- What the task asks: For each entry below, output it exactly as it stands.

Source material Start Marker

(* Let $\phi_T(t)=\frac{\tanh t}{t}$ (the hyperbolic-tangent characteristic function), whose Khintchine pair is $[0,m_T]$ with $m_T(dx)=\frac12\frac{|x|}{1+x^2}\frac{e^{-\pi|x|/4}}{\cosh(\pi|x|/4)}dx$. Its free analogue $\tilde\phi_T$ has Voiculescu transform $$V_{\tilde\phi_T}(it)=it\big[\ln(t/2)-\beta(t/2)-\psi(t/2)\big]=it\big[\ln(t/4)-\psi(t/4+1/2)\big],\qquad t>0.$$ Consequently, $2\psi(2s)-\psi(s)-\psi(s+1/2)=2\ln2$ for all $s>0$.
   Context: $\psi=\Gamma'/\Gamma$ is the digamma function and $\beta(x):=\sum_{k=0}^\infty\frac{(-1)^k}{x+k}=\frac12[\psi(\frac{x+1}{2})-\psi(\frac x2)]$ for $x>0$. For an infinitely divisible characteristic function $\phi$ with Khintchine exponent $\log\phi$ (continuous logarithm, $\log\phi(0)=0$), its free analogue $\tilde\phi$ is the $\boxplus$-infinitely divisible probability measure whose Voiculescu transform satisfies $V_{\tilde\phi}(it)=it^2\int_0^\infty\overline{\log\phi(s)}e^{-ts}ds$, $t>0$; if $\phi$ has Khintchine pair $[0,m]$ with $m$ symmetric, this equals $-it\int_{\mathbb{R}}\frac{1+x^2}{t^2+x^2}m(dx)$. *)

From Stdlib Require Import Reals Lra ClassicalEpsilon.
Open Scope R_scope.

(* Digamma function psi = Gamma'/Gamma, via Gauss' limit formula
   psi(x) = lim_{n->oo} ( ln n - sum_{k=0}^{n} 1/(x+k) ),  x > 0.
   (Stdlib has no Gamma function.) *)
Definition digamma_seq (x : R) (n : nat) : R :=
  ln (INR n) - sum_f_R0 (fun k => / (x + INR k)) n.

Source material End Marker

- Task answer:
(* Let $\phi_T(t)=\frac{\tanh t}{t}$ (the hyperbolic-tangent characteristic function), whose Khintchine pair is $[0,m_T]$ with $m_T(dx)=\frac12\frac{|x|}{1+x^2}\frac{e^{-\pi|x|/4}}{\cosh(\pi|x|/4)}dx$. Its free analogue $\tilde\phi_T$ has Voiculescu transform $$V_{\tilde\phi_T}(it)=it\big[\ln(t/2)-\beta(t/2)-\psi(t/2)\big]=it\big[\ln(t/4)-\psi(t/4+1/2)\big],\qquad t>0.$$ Consequently, $2\psi(2s)-\psi(s)-\psi(s+1/2)=2\ln2$ for all $s>0$.
   Context: $\psi=\Gamma'/\Gamma$ is the digamma function and $\beta(x):=\sum_{k=0}^\infty\frac{(-1)^k}{x+k}=\frac12[\psi(\frac{x+1}{2})-\psi(\frac x2)]$ for $x>0$. For an infinitely divisible characteristic function $\phi$ with Khintchine exponent $\log\phi$ (continuous logarithm, $\log\phi(0)=0$), its free analogue $\tilde\phi$ is the $\boxplus$-infinitely divisible probability measure whose Voiculescu transform satisfies $V_{\tilde\phi}(it)=it^2\int_0^\infty\overline{\log\phi(s)}e^{-ts}ds$, $t>0$; if $\phi$ has Khintchine pair $[0,m]$ with $m$ symmetric, this equals $-it\int_{\mathbb{R}}\frac{1+x^2}{t^2+x^2}m(dx)$. *)

From Stdlib Require Import Reals Lra ClassicalEpsilon.
Open Scope R_scope.

(* Digamma function psi = Gamma'/Gamma, via Gauss' limit formula
   psi(x) = lim_{n->oo} ( ln n - sum_{k=0}^{n} 1/(x+k) ),  x > 0.
   (Stdlib has no Gamma function.) *)
Definition digamma_seq (x : R) (n : nat) : R :=
  ln (INR n) - sum_f_R0 (fun k => / (x + INR k)) n.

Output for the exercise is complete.